Intelligent Dossier
AI-powered, multi-tenant company intelligence platform.
AI-Powered Sales Intelligence Built on a Multi-Tenant Node.js Architecture
Express and PostgreSQL backend with explicit concurrency control and asynchronous workers for decision-ready company intelligence.

Project Overview
Intelligent Dossier is a multi-tenant SaaS platform that ingests multi-source company data and converts it into structured, AI-assisted sales intelligence. It emphasizes practical backend engineering: Node.js and PostgreSQL performance tuning, Express API orchestration, load-tested workflows, and resilient asynchronous worker pipelines.
The Challenge
Company research data is scattered across incompatible sources and arrives at different cadences. The system needed to unify this data into a consistent model, minimize noise, and remain responsive under concurrent load.
Approach
Built a TypeScript monorepo with shared schema contracts, an Express API layer, and dedicated worker services for asynchronous processing. Added controlled parallelism for heavy endpoints, queue-based database pressure management, and staged relevance filtering (heuristics plus AI) to keep throughput high and costs bounded.
Architecture
Monorepo full-stack with decoupled workers
Major Components
Notable Capabilities
- Multi-tenant org isolation and scoped access
- Asynchronous enrichment orchestration
- HubSpot OAuth lifecycle and data export mapping
- AI-generated company analysis and playbook content
Performance & Reliability Profile
Measured Metrics
| Metric | Before | After | Improvement |
|---|---|---|---|
| Admin Bootstrap Response Time | 90+ seconds | <3 seconds | >=96.7% |
Load Testing
Tool: k6 (load-test.js)
Profiles
- smoke: 5 VUs, short duration validation
- default: ramps to 50 VUs, then spikes to 150 VUs
- spike: ramps to 100 VUs, spikes to 300 VUs
Threshold Targets
- global p95 http_req_duration < 1000ms
- bootstrap p95 < 2000ms
- error rate < 5%
Runtime Controls
- DB pool max connections: 15
- DB queue concurrency: 5
- DB queued query timeout: 30s
- Monitoring worker poll interval: 60s (default)
- HubSpot sync worker includes limiter and retry/backoff support
Key Engineering Decisions
Database Concurrency Control
Introduced a route-level PQueue to cap database operation concurrency at 5 while using a 15-connection PostgreSQL pool, preventing pool exhaustion during high-traffic bursts.
Latency Optimization
Refactored bootstrap-style endpoints to batch and parallelize independent data retrieval with Promise.all, reducing worst-case administrative bootstrap latency from 90+ seconds to under 3 seconds.
Resilience Engineering
Implemented retry/backoff strategies and recovery loops in worker pipelines and third-party integrations (including OAuth token refresh paths and connection reconnection handling).
AI Cost/Signal Management
Applied layered filtering (deduplication, heuristic scoring, relevance screening, ICP screening) before deep AI analysis, improving relevance quality while reducing unnecessary inference work.
Validation & Impact
Methods
- Endpoint-level latency optimization and regression checks
- k6 smoke/default/spike load profiles
- Worker stability validation through retry and reconnection logic
Outcomes
- Major reduction in admin bootstrap latency for high-data dashboard workflows.

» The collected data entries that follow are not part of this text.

(* Let $\alpha,\beta\in(0,1)$, and let $u\in C([0,1],L(\mathbb{R}^n,\mathbb{R}^m))$, $v\in\mathcal{C}^\alpha(L(\mathbb{R}^d,\mathbb{R}^n))$ and $w\in\mathcal{C}^\beta(\mathbb{R}^d)$. Then \[ \|\pi_<(u,\pi_<(v,w))-\pi_<(uv,w)\|_{\alpha+\beta}\lesssim\|u\|_\infty\|v\|_\alpha\|w\|_\beta. \]
   Context: Index set: pairs $(p,m)$ with either $p=-1,m=0$, or $p\in\mathbb{N}=\{0,1,2,\dots\}$ and $0\le m\le 2^p$. For $p\in\mathbb{N}$, $1\le m\le 2^p$ set $t^0_{pm}=(m-1)2^{-p}$, $t^1_{pm}=(2m-1)2^{-p-1}$, $t^2_{pm}=m2^{-p}$. Rescaled Haar functions: for $p\in\mathbb{N}$, $1\le m\le 2^p$, $\chi_{pm}=2^p$ on $[t^0_{pm},t^1_{pm})$, $=-2^p$ on $[t^1_{pm},t^2_{pm})$, $=0$ elsewhere; $\chi_{00}\equiv1$; $\chi_{p0}\equiv0$ for $p\ge1$. Rescaled Schauder functions: $\varphi_{pm}(t)=\int_0^t\chi_{pm}(s)\,ds$ for $p\in\mathbb{N}$, and $\varphi_{-10}\equiv1$. For continuous $f:[0,1]\to E$ ($E$ a finite-dimensional normed space), coefficients: $f_{-10}=f(0)$, $f_{00}=f(1)-f(0)$, $f_{p0}=0$ for $p\ge1$, $f_{pm}=2f(t^1_{pm})-f(t^0_{pm})-f(t^2_{pm})$ for $p\in\mathbb{N},m\ge1$. Schauder blocks: $\Delta_pf=\sum_{m=0}^{2^p}f_{pm}\varphi_{pm}$ ($p\ge-1$), $S_pf=\sum_{q=-1}^p\Delta_qf$. For $\alpha>0$, $\|f\|_\alpha:=\sup_{p,m}2^{p\alpha}|f_{pm}|$ and $\mathcal{C}^\alpha(E):=\{f\in C([0,1],E):\|f\|_\alpha<\infty\}$. Paraproduct: $\pi_<(v,w):=\sum_{p\ge0}S_{p-1}v\,\Delta_pw$ (products are compositions/applications of linear maps). $\|\cdot\|_\infty$ is the sup norm; $\lesssim$ hides a constant depending only on $\alpha,\beta$. *)

From Stdlib Require Import Reals ZArith ClassicalEpsilon.
Open Scope R_scope.

(* Elements of L(R^c, R^r) are r x c real matrices; vectors of R^d are d x 1
   matrices.  Entries outside the dimensions are irrelevant. *)
Definition Mat := nat -> nat -> R.

Fixpoint rsum (n : nat) (f : nat -> R) : R :=
  match n with O => 0 | S n' => rsum n' f + f n' end.

Fixpoint rmaxn (n : nat) (f : nat -> R) : R :=
  match n with O => 0 | S n' => Rmax (rmaxn n' f) (f n') end.

Definition madd (A B : Mat) : Mat := fun i j => A i j + B i j.
Definition msub (A B : Mat) : Mat := fun i j => A i j - B i j.
Definition mscal (a : R) (A : Mat) : Mat := fun i j => a * A i j.
Definition mzero : Mat := fun _ _ => 0.
Definition mmul (k : nat) (A B : Mat) : Mat :=
  fun i j => rsum k (fun l => A i l * B l j).
Definition msum (N : nat) (F : nat -> Mat) : Mat :=
  fun i j => rsum N (fun q => F q i j).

- Improved tolerance to concurrent multi-user access via explicit queue/pool coordination.
- More stable background processing through fault-handling and cache lifecycle management.
Project Management
Methodology: Iterative release-driven development
Workflow: Scripted development-to-production promotion with tagged releases
Version Control: Git with release tags (v2.0.0 through v2.2.0 visible in history)
Why This Matters
This project demonstrates senior-level backend ownership: designing for concurrency limits, implementing operational resilience, integrating multiple external systems, and delivering measurable latency improvements in a production-style AI data platform.
- Not just an AI demo: includes real ingestion pipelines, queueing, caching, retries, and CRM integration.
- Shows system-level thinking: throughput, latency, failure handling, and tenant safety were engineered explicitly.
- Combines product impact (decision-ready intelligence) with infrastructure rigor (load testing and operational safeguards).